R. L. przed śmiercią brata pracował z nim i rodzicami w gospodarstwie rolnym, okresowo pracował za granicą przy zbiorze truskawek, a przed śmiercią brata pracował przy pracach interwencyjnych w gminie. Po śmierci M. L. powód przez 4 dni przebywał na zwolnieniu lekarskim. Więź pomiędzy powodem R. L. a bratem była silna, wynikała z podobnego wieku, wykonywanych zajęć, bliskich kontaktów i wspólnego spędzania czasu po pracy, a przede wszystkim ze wspólnego zamieszkiwania. Powód z powodu śmierci brata doznał żałoby pod postacią zaburzeń emocjonalnych, związanych z przystosowaniem się do nowej, traumatycznej sytuacji. Obraz tych zaburzeń to stany smutku, rozpaczy, potem przygnębienia na przemian z niedowierzaniem utrudniającym przystosowaniem się do nowej sytuacji rodzinnej. Od dnia wypadku powód ma problemy ze snem. Już po pogrzebie brata pojawiły się u niego zaburzenia emocjonalne związane z żałobą takie jak: stany szoku i zaprzeczania, obniżenie nastroju, stany napięcia, złości, przygnębienia i rozstroju emocjonalnego mające negatywny wpływ na codzienne wykonywanie obowiązków i wypoczynek. Fakt, że powód doznał straty najbliższej osoby bez możliwości przygotowania się i pożegnania się spowodował u niego ogromny żal i poczucie krzywdy. R. L. leczył się u psychiatry, odbył dwie wizyty w Prywatnym Gabinecie psychiatry J. S. – w dniu 27 czerwca 2016 r. i 3 sierpnia 2016 r.

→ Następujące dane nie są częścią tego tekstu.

(* Consider a symbolic generalized matrix chain of $n\ge 4$ matrices. Let $\mathcal{E}_{\rm s}$ be a set of $n_{\rm c}$ variants constructed as follows: for each equivalence class $C$ of the size symbols, select a size variable $q_h\in C$ and add the corresponding fanning-out variant $E^h$ to $\mathcal{E}_{\rm s}$. Then $P(\mathcal{E}_{\rm s})$ is finite.
   Context: A generalized matrix chain (GMC) is a product $\mathrm{op}(M_1)\cdots\mathrm{op}(M_n)$ where $M_i$ has size $q_{i-1}\times q_i$, $\mathrm{op}(M)\in\{M,M^T,M^{-1},M^{-T}\}$, and each $M_i$ carries a structure (general, symmetric, lower-/upper-triangular; non-general structures imply squareness) and a property (singular, invertible, symmetric positive-definite, orthogonal). The shape is fixed and sizes are symbolic. If $M_i$ is necessarily square (non-general structure, or inverted), then $q_{i-1}$ and $q_i$ are bound by equality, written $q_{i-1}\sim q_i$; this relation generates an equivalence relation partitioning the size symbols $q_0,\ldots,q_n$ into $n_{\rm c}=n-n_{\rm sq}+1$ equivalence classes, $n_{\rm sq}$ being the number of necessarily square matrices. An instance is $\boldsymbol{q}\in\mathbb{N}^{n+1}$ with equal values within each equivalence class. Transposition is ignored. Each parenthesization determines exactly one variant: a sequence of $n-1$ associations $(K_i,(a_i,b_i,c_i))$, $0\le a_i<b_i<c_i\le n$, the $i$-th combining via kernel $K_i$ operands of sizes $q_{a_i}\times q_{b_i}$ and $q_{b_i}\times q_{c_i}$. It is built by performing the leftmost available association first and, per association: propagating an inversion to the result when both operands are inverted ($X^{-1}Y^{-1}=(YX)^{-1}$) or when one operand is inverted and general/symmetric while the other is orthogonal or non-singular triangular; assigning the most specialized matrix-product kernel (GEMM, SYMM, TRMM, SYSYMM, TRSYMM, TRTRMM) or linear-solve kernel (GEGESV, GESYSV, GETRSV, SYGESV, SYSYSV, SYTRSV, POGESV, POSYSV, POTRSV, TRSM, TRSYSV, TRTRSV; the inverted operand is the coefficient matrix); and inferring the features and sizes of the result by fixed rules. $\mathcal{A}$ is the set of all variants. The cost (FLOPs) of variant $A$ on $\boldsymbol{q}$ is $T(A,\boldsymbol{q})=\sum_{(K,(a,b,c))\in A}\phi_K(q_a,q_b,q_c)$, where each kernel cost has one of the forms, with positive kernel-specific constants: Type I $\beta abc$; Type IIa $\beta_1a^3+\beta_2a^2c$; Type IIb $\beta_1c^3+\beta_2c^2a$. Type II kernels are exactly the solves with a non-triangular coefficient matrix and general right-hand side (GEGESV: $\beta_1=2/3,\beta_2=2$; SYGESV, POGESV: $\beta_1=1/3,\beta_2=2$), IIa with the coefficient on the left ($a=b$), IIb on the right ($b=c$); all other kernels are Type I. Fanning-out variant $E^h$ ($h\in\{0,\ldots,n\}$): the variant of $(M_1(\cdots(M_{h-1}M_h)\cdots))((\cdots(M_{h+1}M_{h+2})\cdots)M_n)$, computing the prefix $M_1\cdots M_h$ right-to-left, the suffix $M_{h+1}\cdots M_n$ left-to-right, then associating the two results. Penalty: for $\mathcal{Z}\subseteq\mathcal{A}$ nonempty, $P(\mathcal{Z},\boldsymbol{q})=\frac{\min_{Z\in\mathcal{Z}}T(Z,\boldsymbol{q})}{\min_{A\in\mathcal{A}}T(A,\boldsymbol{q})}-1$ (with $P(\emptyset,\boldsymbol{q})=\infty$), and total penalty $P(\mathcal{Z})=\sup_{\boldsymbol{q}}P(\mathcal{Z},\boldsymbol{q})$ over all instances. *)

From mathcomp Require Import all_boot all_order all_algebra.
Set Implicit Arguments. Unset Strict Implicit. Unset Printing Implicit Defensive.
Import Order.TTheory GRing.Theory Num.Theory.
Local Open Scope ring_scope.

Inductive structure := General | Symmetric | Lower | Upper.
Inductive property := Singular | Invertible | SPD | Orthogonal.
(* op(M) in {M, M^T, M^-1, M^-T}; transposition is ignored (only inversion matters). *)
Inductive mop := OpN | OpT | OpI | OpIT.

Record matrix_desc := MD { mstr : structure; mprop : property; mopr : mop }.

(* A symbolic GMC of n = size ch matrices; M_i (1 <= i <= n) has size q_{i-1} x q_i. *)
Definition chain := seq matrix_desc.
Definition dflt_md := MD General Singular OpN.
Definition mat (ch : chain) (i : nat) : matrix_desc := nth dflt_md ch i.-1.

Definition inverted (o : mop) : bool :=
  match o with OpI | OpIT => true | _ => false end.
Definition is_general (s : structure) : bool :=
  match s with General => true | _ => false end.
Definition is_tri (s : structure) : bool :=
  match s with Lower | Upper => true | _ => false end.
Definition is_sym (s : structure) : bool :=
  match s with Symmetric => true | _ => false end.

Definition nec_square (m : matrix_desc) : bool :=
  ~~ is_general (mstr m) || inverted (mopr m).

(* The equivalence relation generated by q_{i-1} ~ q_i (M_i necessarily square).
   Since the generating links only join consecutive symbols, q_i and q_j are
   equivalent iff every matrix M_k with min(i,j) < k <= max(i,j) is necessarily
   square. *)
Definition same_class (ch : chain) (i j : nat) : bool :=
  all (fun k => nec_square (mat ch k)) (iota (minn i j).+1 (maxn i j - minn i j)).

Definition instance (ch : chain) (q : nat -> nat) : Prop :=
  (forall i, (i <= size ch)%N -> (0 < q i)%N) /\
  (forall i j, (i <= size ch)%N -> (j <= size ch)%N -> same_class ch i j -> q i = q j).

Inductive kname :=
  GEMM | SYMM | TRMM | SYSYMM | TRSYMM | TRTRMM
| GEGESV | GESYSV | GETRSV | SYGESV | SYSYSV | SYTRSV
| POGESV | POSYSV | POTRSV | TRSM | TRSYSV | TRTRSV.

(* kleft: for a solve, whether the (inverted) coefficient matrix is the left operand *)
Record kernel := Kernel { kn : kname; kleft : bool }.

Section Cost.
Variable R : realFieldType.

Definition phi (betaI : kname -> R) (K : kernel) (x y z : R) : R :=
  let typeII (b1 b2 : R) :=
    if kleft K then b1 * x ^+ 3 + b2 * x ^+ 2 * z
    else b1 * z ^+ 3 + b2 * z ^+ 2 * x in
  match kn K with
  | GEGESV => typeII (2%:R / 3%:R) 2%:R
  | SYGESV | POGESV => typeII (1 / 3%:R) 2%:R
  | k => betaI k * x * y * z
  end.
End Cost.

Record feat := Feat { fstr : structure; fprop : property; finv : bool }.

Definition nonsing (p : property) : bool :=
  match p with Singular => false | _ => true end.
Definition is_orth (p : property) : bool :=
  match p with Orthogonal => true | _ => false end.
Definition is_spd (p : property) : bool :=
  match p with SPD => true | _ => false end.

Definition prodK (s1 s2 : structure) : kname :=
  if is_tri s1 && is_tri s2 then TRTRMM
  else if (is_tri s1 && is_sym s2) || (is_sym s1 && is_tri s2) then TRSYMM
  else if is_sym s1 && is_sym s2 then SYSYMM
  else if is_tri s1 || is_tri s2 then TRMM
  else if is_sym s1 || is_sym s2 then SYMM
  else GEMM.

Definition solveK (coef : feat) (rhs : structure) : kname :=
  match fstr coef with
  | General =>
      if is_tri rhs then GETRSV else if is_sym rhs then GESYSV else GEGESV
  | Symmetric =>
      if is_spd (fprop coef) then
        (if is_tri rhs then POTRSV else if is_sym rhs then POSYSV else POGESV)
      else (if is_tri rhs then SYTRSV else if is_sym rhs then SYSYSV else SYGESV)
  | Lower | Upper =>
      if is_tri rhs then TRTRSV else if is_sym rhs then TRSYSV else TRSM
  end.

Definition res_str (s1 s2 : structure) : structure :=
  match s1, s2 with
  | Lower, Lower => Lower
  | Upper, Upper => Upper
  | _, _ => General
  end.

Definition res_prop (sq : bool) (p1 p2 : property) : property :=
  if ~~ sq then Singular
  else if ~~ nonsing p1 || ~~ nonsing p2 then Singular
  else if is_orth p1 && is_orth p2 then Orthogonal
  else Invertible.

(* One association of X (sizes q_a x q_b) with Y (sizes q_b x q_c):
   kernel used and features of the result. *)
Definition combine (ch : chain) (a b c : nat) (X Y : feat) : kernel * feat :=
  let sqX := same_class ch a b in
  let sqY := same_class ch b c in
  let sqR := same_class ch a c in
  let gs (Z : feat) := is_general (fstr Z) || is_sym (fstr Z) in
  let orthsq (Z : feat) (sqZ : bool) := is_orth (fprop Z) && sqZ in
  let partner_ok (Z : feat) (sqZ : bool) :=
    orthsq Z sqZ || (is_tri (fstr Z) && nonsing (fprop Z)) in
  let rf (inv : bool) := Feat (res_str (fstr X) (fstr Y))
                              (res_prop sqR (fprop X) (fprop Y)) inv in
  if finv X && finv Y then
    (* X^-1 Y^-1 = (Y X)^-1 *)
    (Kernel (prodK (fstr Y) (fstr X)) true, rf true)
  else if finv X && gs X && partner_ok Y sqY then
    (* X^-1 Q = (Q^T X)^-1 ;  X^-1 T = (T^-1 X)^-1 *)
    (if orthsq Y sqY then Kernel (prodK (fstr Y) (fstr X)) true
     else Kernel (solveK Y (fstr X)) true, rf true)
  else if finv Y && gs Y && partner_ok X sqX then
    (* Q Y^-1 = (Y Q^T)^-1 ;  T Y^-1 = (Y T^-1)^-1 *)
    (if orthsq X sqX then Kernel (prodK (fstr Y) (fstr X)) true
     else Kernel (solveK X (fstr Y)) false, rf true)
  else if finv X then (Kernel (solveK X (fstr Y)) true, rf false)
  else if finv Y then (Kernel (solveK Y (fstr X)) false, rf false)
  else (Kernel (prodK (fstr X) (fstr Y)) true, rf false).

Inductive tree := Leaf | Node of tree & tree.

Definition variant := seq (kernel * (nat * nat * nat)).

(* build t a: the subtree t multiplies M_{a+1} ... M_c; returns c, the
   features of the result and its associations, leftmost association first. *)
Fixpoint build (ch : chain) (t : tree) (a : nat) : nat * feat * variant :=
  match t with
  | Leaf => let m := mat ch a.+1 in
            (a.+1, Feat (mstr m) (mprop m) (inverted (mopr m)), [::])
  | Node l r =>
      let '(b, fl, vl) := build ch l a in
      let '(c, fr, vr) := build ch r b in
      let '(K, f) := combine ch a b c fl fr in
      (c, f, vl ++ vr ++ [:: (K, (a, b, c))])
  end.

Definition variant_of (ch : chain) (t : tree) : variant := (build ch t 0).2.

Fixpoint trees_fuel (fuel k : nat) : seq tree :=
  match fuel with
  | 0 => [::]
  | fuel'.+1 =>
      if k == 1%N then [:: Leaf]
      else flatten [seq [seq Node l r | l <- trees_fuel fuel' i,
                                        r <- trees_fuel fuel' (k - i)]
                   | i <- iota 1 k.-1]
  end.
Definition trees (k : nat) : seq tree := trees_fuel k k.

Definition all_variants (ch : chain) : seq variant :=
  [seq variant_of ch t | t <- trees (size ch)].

Fixpoint rcomb (k : nat) : tree :=
  match k with
  | 0 | 1 => Leaf
  | k'.+1 => Node Leaf (rcomb k')
  end.
Fixpoint lcomb (k : nat) : tree :=
  match k with
  | 0 | 1 => Leaf
  | k'.+1 => Node (lcomb k') Leaf
  end.
Definition fan_tree (n h : nat) : tree :=
  if h == 0%N then lcomb n
  else if h == n then rcomb n
  else Node (rcomb h) (lcomb (n - h)).

Definition fan_variant (ch : chain) (h : nat) : variant :=
  variant_of ch (fan_tree (size ch) h).

Section Penalty.
Variable R : realFieldType.

Definition cost (betaI : kname -> R) (v : variant) (q : nat -> nat) : R :=
  \sum_(x <- v) phi betaI x.1 (q x.2.1.1)%:R (q x.2.1.2)%:R (q x.2.2)%:R.

Definition minR (s : seq R) : R :=
  match s with [::] => 0 | x :: s' => foldr Num.min x s' end.

(* P(Z, q) for nonempty Z *)
Definition penalty (betaI : kname -> R) (ch : chain) (Z : seq variant)
    (q : nat -> nat) : R :=
  minR [seq cost betaI z q | z <- Z] /
  minR [seq cost betaI A q | A <- all_variants ch] - 1.

(* P(Z) = sup_q P(Z, q) < oo  (P(empty) = oo) *)
Definition finite_total_penalty (betaI : kname -> R) (ch : chain)
    (Z : seq variant) : Prop :=
  Z <> [::] /\
  exists B : R, forall q : nat -> nat, instance ch q -> penalty betaI ch Z q <= B.
End Penalty.

From HB Require Import structures.
From mathcomp Require Import all_boot all_order all_algebra.
From mathcomp Require Import ring lra zify.
Lemma expect_le_of_incl L L' F g c :
  NoDup L -> NoDup L' -> incl L' L -> (forall h, expect p L' F h <= c) ->
  expect p L F g <= c.
Proof.
  intros HL HL' Hincl Hc.
  set (rest := filter (fun x => if in_dec cell_eq_dec x L' then false else true) L).
  assert (Hperm : Permutation L (rest ++ L')).
  { apply NoDup_Permutation; auto.
    - apply NoDup_app; [apply NoDup_filter; auto | auto |].
      intros x Hx; unfold rest in Hx; apply filter_In in Hx.
      destruct (in_dec cell_eq_dec x L'); [discriminate (proj2 Hx) | auto].
    - intros x; rewrite in_app_iff; unfold rest; rewrite filter_In.
      destruct (in_dec cell_eq_dec x L'); intuition. }
  rewrite (expect_perm _ _ _ _ Hperm), expect_app.
  rewrite <- (expect_const rest c g); apply expect_mono; auto.
Qed.

Lemma expect_union_bound {X : Type} L (B : X -> assignment -> Prop) cs e g :
  (forall c, In c cs -> expect p L (fun h => indicator (B c h)) g <= e) ->
  expect p L (fun h => indicator (exists c, In c cs /\ B c h)) g <= INR (length cs) * e.
Proof.
  induction cs as [|c cs IH]; intros Hcs; simpl length.
  - change (INR 0) with 0; rewrite Rmult_0_l, <- (expect_const L 0 g).
    apply expect_mono; intros h.
    unfold indicator; destruct (excluded_middle_informative _) as [[? [[] _]]|]; lra.
  - rewrite S_INR.
    apply Rle_trans with (expect p L (fun h => indicator (B c h) + indicator (exists c', In c' cs /\ B c' h)) g).
    + apply expect_mono; intros h; unfold indicator.
      repeat destruct (excluded_middle_informative _); try lra.
      exfalso; firstorder (subst; auto).
    + rewrite expect_plus.
      assert (expect p L (fun h => indicator (B c h)) g <= e) by (apply Hcs; left; auto).
      assert (expect p L (fun h => indicator (exists c', In c' cs /\ B c' h)) g <= INR (length cs) * e)
        by (apply IH; intros; apply Hcs; right; auto).
      lra.
Qed.
(* Let $n\ge 4$ and let $G$ be a graph on vertex set $[n]$ with $e(G)>\binom{n-1}{2}+1$ or $\rho(G)>n-2$. For $2\le j\le\lceil n/2\rceil$ let $e_j=\{j,n+2-j\}$, and for $1\le k\le\lfloor n/2\rfloor$ let $e'_k=\{k,n+1-k\}$. Then (i) $\{e_3,\ldots,e_{\lceil n/2\rceil}\}\subseteq E(\mathcal{K}(G))$, and (ii) $\{e'_1,\ldots,e'_{\lfloor n/2\rfloor}\}\subseteq E(\mathcal{K}(G))$.
   Context: $e(G)$ is the number of edges and $\rho(G)$ the adjacency spectral radius of $G$. Kelmans transformation: for vertices $x,y$, $\mathcal{K}_{xy}(G)$ is obtained from $G$ by deleting all edges between $y$ and $N_G(y)\setminus(N_G(x)\cup\{x\})$ and adding all edges between $x$ and $N_G(y)\setminus(N_G(x)\cup\{x\})$. For $G$ on $[n]$, $\mathcal{K}(G)$ denotes the graph obtained by repeatedly applying $\mathcal{K}_{xy}$ for pairs $x<y$ until the graph is invariant under all $\mathcal{K}_{xy}$ with $x<y$ (the result is independent of the order of transformations). *)

From HB Require Import structures.
From mathcomp Require Import all_boot all_order all_algebra all_field.
Set Implicit Arguments. Unset Strict Implicit. Unset Printing Implicit Defensive.
Import Order.TTheory GRing.Theory Num.Theory.

(* Vertex set [n] = {1,..,n} is represented by 'I_n, label v <-> ordinal v-1
   (so the order on labels is the order on ordinals).
   A graph is its edge set: a set of 2-element subsets of 'I_n. *)
Definition graph (n : nat) := {set {set 'I_n}}.

Definition simple_graph n (G : graph n) : Prop :=
  forall e, e \in G -> #|e| = 2.

Definition nedges n (G : graph n) : nat := #|G|.

Definition nbhd n (G : graph n) (x : 'I_n) : {set 'I_n} :=
  [set y | [set x; y] \in G].

Definition kelmans n (x y : 'I_n) (G : graph n) : graph n :=
  let S := nbhd G y :\: (nbhd G x :|: [set x]) in
  (G :\: [set [set y; z] | z in S]) :|: [set [set x; z] | z in S].

Definition kelmans_step n (G : graph n) : graph n :=
  match [pick p : 'I_n * 'I_n | (p.1 < p.2)%N && (kelmans p.1 p.2 G != G)] with
  | Some p => kelmans p.1 p.2 G
  | None => G
  end.

(* K(G): iterate until invariant. Each non-trivial step strictly decreases
   sum over edges of the sum of vertex indices (bounded by 2 n^3), so
   2 n^3 + 1 iterations reach the fixed point. *)
Definition kelmans_closure n (G : graph n) : graph n :=
  iter (2 * n ^ 3).+1 (@kelmans_step n) G.

Local Open Scope ring_scope.
Definition adjmx n (G : graph n) : 'M[algC]_n :=
  \matrix_(i, j) (([set i; j] \in G) : nat)%:R.

Definition spec_radius_gt n (G : graph n) (c : algC) : Prop :=
  exists lam : algC, eigenvalue (adjmx G) lam /\ c < `|lam|.

(* {a, b} is an edge, a b given as 1-based labels in [n] *)
Definition has_edge n (G : graph n) (a b : nat) : Prop :=
  exists u v : 'I_n, ((val u).+1 = a)%N /\ ((val v).+1 = b)%N /\ [set u; v] \in G.

From HB Require Import structures.
From mathcomp Require Import all_boot all_order all_algebra all_field.
From mathcomp Require Import perm zify ring.
Import Order.TTheory GRing.Theory Num.Theory.
Set Implicit Arguments. Unset Strict Implicit. Unset Printing Implicit Defensive.
(* Since M is the union of a chain of strong finite substructures, the R_l-edge
   from a' lies in one of them, hence on an R_l-cycle of length l; by
   elementarity N contains such a cycle g_0, ..., g_(l-1).  As a' and b' have
   the same type over N, they are E_l-equivalent to the same g_j and lie in
   the same arc between consecutive points of the cycle.  If (g_p, g_q) is an
   arc containing no g_j, f maps it onto the arc (g_(p+1), g_(q+1)), which has
   another starting point; so f(x) lies outside (g_p, g_q) for x inside it,
   and whenever x precedes y in the arc we get x < y < f(x). *)

Lemma exists_minimal (T : Type) (r : T -> T -> Prop) (g : nat -> T) m :
  (forall x, ~ r x x) -> (forall x y z, r x y -> r y z -> r x z) -> 0 < m ->
  exists2 q, q < m & forall j, j < m -> ~ r (g j) (g q).
Proof.
move=> irr tr; case: m => // m _; elim: m => [|m [q lt_q_m IH]].
  by exists 0 => // j; rewrite ltnS leqn0 => /eqP ->.
case: (classic (r (g m.+1) (g q))) => Hm.
- exists m.+1 => // j; rewrite ltnS leq_eqVlt => /orP [/eqP -> // | lt_j_m] Hj.
  exact: IH lt_j_m (tr _ _ _ Hj Hm).
- exists q; first exact: ltnW.
  by move=> j; rewrite ltnS leq_eqVlt => /orP [/eqP -> // | /IH].
Qed.

Section CircularOrder.

Variables (A : Lstr) (n : nat).
Hypotheses (HK : K_cond A n) (HL : lang_ok A) (Hn : 2 < n).

Ltac K_axioms := case: HK => Erf [Esy [Etr [Rir [Rre [_ [Rin [_ [K2 [K3
  [Kcy [Kas [Ktr [Kto [_ [K4b _]]]]]]]]]]]]]]].

Lemma Erel_refl {x : 'I_n -> A} : injective x -> Erel n x x.
Proof. by K_axioms; apply: Erf. Qed.

Lemma Erel_sym (x y : 'I_n -> A) : Erel n x y -> Erel n y x.
Proof. by K_axioms; apply: Esy. Qed.

Lemma Erel_trans (x y z : 'I_n -> A) : Erel n x y -> Erel n y z -> Erel n x z.
Proof. by K_axioms; apply: Etr. Qed.

Lemma Rrel_irr (x : 'I_n -> A) : ~ Rrel n x x.
Proof. by K_axioms; apply: Rir. Qed.

Lemma Rrel_resp (x x' y y' : 'I_n -> A) :
  Erel n x x' -> Erel n y y' -> Rrel n x y -> Rrel n x' y'.
Proof. by K_axioms; apply: Rre. Qed.

Lemma Rrel_injl (x x' y : 'I_n -> A) : Rrel n x y -> Rrel n x' y -> Erel n x x'.
Proof. by K_axioms; apply: Rin. Qed.

Lemma Krel_resp2 (x y y' z : 'I_n -> A) : Erel n y y' -> Krel n x y z -> Krel n x y' z.
Proof. by K_axioms; apply: K2. Qed.

Lemma Krel_resp3 (x y z z' : 'I_n -> A) : Erel n z z' -> Krel n x y z -> Krel n x y z'.
Proof. by K_axioms; apply: K3. Qed.

Lemma Krel_rot (x y z : 'I_n -> A) : Krel n x y z -> Krel n y z x.
Proof. by K_axioms; apply: Kcy. Qed.

Lemma Krel_asym (x y z : 'I_n -> A) : Krel n x y z -> ~ Krel n z y x.
Proof. by K_axioms; apply: Kas. Qed.

Lemma Krel_trans (x y z w : 'I_n -> A) : Krel n x y z -> Krel n x z w -> Krel n x y w.
Proof. by K_axioms; apply: Ktr. Qed.

Lemma Krel_total {x y z : 'I_n -> A} :
  injective x -> injective y -> injective z ->
  ~ Erel n x y -> ~ Erel n y z -> ~ Erel n x z -> Krel n x y z \/ Krel n z y x.
Proof. by K_axioms; apply: Kto. Qed.

Lemma Krel_Rrel (v1 v2 v3 w1 w2 w3 : 'I_n -> A) :
  Rrel n v1 w1 -> Rrel n v2 w2 -> Rrel n v3 w3 ->
  Krel n v1 v2 v3 <-> Krel n w1 w2 w3.
Proof. by K_axioms; apply: K4b. Qed.

Lemma injective_Rrel (x y : 'I_n -> A) : Rrel n x y -> injective x /\ injective y.
Proof. by have [_ HR _ _ _] := HL Hn; apply: HR. Qed.

Lemma injective_Krel (x y z : 'I_n -> A) :
  Krel n x y z -> [/\ injective x, injective y & injective z].
Proof. by have [_ _ HKr _ _] := HL Hn; apply: HKr. Qed.

Lemma Krel_rot2 (x y z : 'I_n -> A) : Krel n x y z -> Krel n z x y.
Proof. by move=> /Krel_rot /Krel_rot. Qed.

Lemma Krel_irr (x y : 'I_n -> A) : ~ Krel n x x y.
Proof. by move=> H; apply: (Krel_asym H); apply: Krel_rot2. Qed.

Lemma Krel_nonE (x y z : 'I_n -> A) : Krel n x y z ->
  [/\ ~ Erel n x y, ~ Erel n y z & ~ Erel n x z].
Proof.
move=> H; split=> /Erel_sym He.
- exact: Krel_irr (Krel_resp2 He H).
- exact: Krel_irr (Krel_rot (Krel_resp3 He H)).
- exact: Krel_irr (Krel_rot2 (Krel_resp3 He H)).
Qed.

Lemma Rrel_nonE (x y : 'I_n -> A) : Rrel n x y -> ~ Erel n x y.
Proof.
move=> H He; have [ix _] := injective_Rrel H.
exact: Rrel_irr (Rrel_resp (Erel_refl ix) (Erel_sym He) H).
Qed.

Lemma Krel_transr (x y z w : 'I_n -> A) :
  Krel n x y z -> Krel n x z w -> Krel n y z w.
Proof.
move=> Hxyz Hxzw; have Hxyw := Krel_trans Hxyz Hxzw.
have [_ iy iz] := injective_Krel Hxyz; have [_ _ iw] := injective_Krel Hxzw.
have [_ Eyz _] := Krel_nonE Hxyz; have [_ Ezw _] := Krel_nonE Hxzw.
have [_ Eyw _] := Krel_nonE Hxyw.
case: (Krel_total iy iz iw Eyz Ezw Eyw) => // Hwzy.
have Hzyx : Krel n z y x by apply: (@Krel_trans z y w x); apply: Krel_rot.
by case: (Krel_asym Hxyz (Krel_rot (Krel_rot2 Hzyx))).
Qed.

Lemma Krel_of_nKrel {x y z : 'I_n -> A} :
  injective x -> injective y -> injective z ->
  ~ Erel n x y -> ~ Erel n y z -> ~ Erel n x z -> ~ Krel n x z y -> Krel n x y z.
Proof.
move=> ix iy iz Exy Eyz Exz Hxzy.
by case: (Krel_total ix iy iz Exy Eyz Exz) => // /Krel_rot /Krel_rot.
Qed.

Lemma arc_start_unique (p q p' q' y : 'I_n -> A) :
  Krel n p y q -> Krel n p' y q' -> ~ Krel n p p' q -> ~ Krel n p' p q' -> Erel n p p'.
Proof.
move=> Hpyq Hp'yq' Np'q Npq'; apply: NNPP => Epp'.
have [ip _ iq] := injective_Krel Hpyq; have [ip' _ _] := injective_Krel Hp'yq'.
have [_ _ Epq] := Krel_nonE Hpyq.
have Hpyp' : Krel n p y p'.
  case: (classic (Erel n q p')) => Eqp'; first exact: Krel_resp3 Eqp' Hpyq.
  exact: Krel_trans Hpyq (Krel_of_nKrel ip iq ip' Epq Eqp' Epp' Np'q).
exact: Npq' (Krel_trans (Krel_rot2 Hpyp') Hp'yq').
Qed.

Section CyclicSequence.

Variables (l : nat) (g : nat -> 'I_n -> A).
Hypotheses (Hl : 0 < l) (HgR : forall j, Rrel n (g j) (g j.+1))
  (Hgm : forall j, g j = g (j %% l)).

Definition empty_arc p q := forall j, ~ Krel n (g p) (g j) (g q).

Lemma injective_g j : injective (g j).
Proof. by have [] := injective_Rrel (HgR j). Qed.
Arguments injective_g : clear implicits.

Lemma g_eq_succ j : g j = g (j + l.-1).+1.
Proof. by rewrite Hgm [RHS]Hgm -addnS prednK // modnDr. Qed.

Lemma exists_empty_arc (x : 'I_n -> A) : injective x -> (forall j, ~ Erel n x (g j)) ->
  exists p q, Krel n (g p) x (g q) /\ empty_arc p q.
Proof.
move=> ix HxE.
have [q _ Hq] := @exists_minimal _ (fun u v => Krel n x u v) g l
  (fun u H => Krel_irr (Krel_rot H)) (fun u v w => @Krel_trans x u v w) Hl.
have [p _ Hp] := @exists_minimal _ (fun u v => Krel n x v u) g l
  (fun u H => Krel_irr (Krel_rot H)) (fun u v w Huv Hvw => Krel_trans Hvw Huv) Hl.
(* g q is the first point of the cycle after x, and g p the last one before x. *)
have {}Hq j : ~ Krel n x (g j) (g q) by rewrite [g j]Hgm; apply: Hq; rewrite ltn_mod.
have {}Hp j : ~ Krel n x (g p) (g j) by rewrite [g j]Hgm; apply: Hp; rewrite ltn_mod.
have Hxqq1 : Krel n x (g q) (g q.+1).
  exact: Krel_of_nKrel ix (injective_g q) (injective_g q.+1)
    (HxE q) (Rrel_nonE (HgR q)) (HxE q.+1) (Hq q.+1).
have Epq : ~ Erel n (g q) (g p).
  by move=> Eqp; apply: (Hp q.+1); apply: Krel_resp2 Eqp Hxqq1.
have Hxqp : Krel n x (g q) (g p).
  exact: Krel_of_nKrel ix (injective_g q) (injective_g p) (HxE q) Epq (HxE p) (Hp q).
exists p, q; split; first exact: Krel_rot2 Hxqp.
move=> j Hpjq; have [Epj Ejq _] := Krel_nonE Hpjq.
have Hxqj : Krel n x (g q) (g j).
  exact: Krel_of_nKrel ix (injective_g q) (injective_g j)
    (HxE q) (fun E => Ejq (Erel_sym E)) (HxE j) (Hq j).
have Hxjp : Krel n x (g j) (g p).
  exact: Krel_of_nKrel ix (injective_g j) (injective_g p)
    (HxE j) (fun E => Epj (Erel_sym E)) (HxE p) (Hp j).
exact: Krel_asym Hpjq (Krel_transr Hxqj Hxjp).
Qed.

Pismem z dnia 24 lutego 2016 roku powodowie wezwali pozwanego do zapłaty zadośćuczynienia w kwocie: 200 000 zł na rzecz A. L. (1), 200 000 zł na rzecz Z. L. oraz 100 000 zł na rzecz R. L.. Pismo to doręczono pozwanemu w dniu 29 lutego 2016 r.

Pismem z dnia 10 marca 2016 roku A. L. (2) wezwała pozwanego do zapłaty 2 560 zł wynikającej z faktury VAT nr (...), tytułem zwrotu poniesionych przez nią kosztów pogrzebu M. L.. Pismo doręczono pozwanemu w dniu 16 marca 2016r. W dniu 2 marca 2016 roku pozwany przyznał powodom z tytułu zadośćuczynienia za śmierć M. L.: na rzecz A. L. (1) kwotę 14 000 zł, na rzecz Z. L. kwotę 14 000 zł i na rzecz R. L. kwotę 10 000 zł.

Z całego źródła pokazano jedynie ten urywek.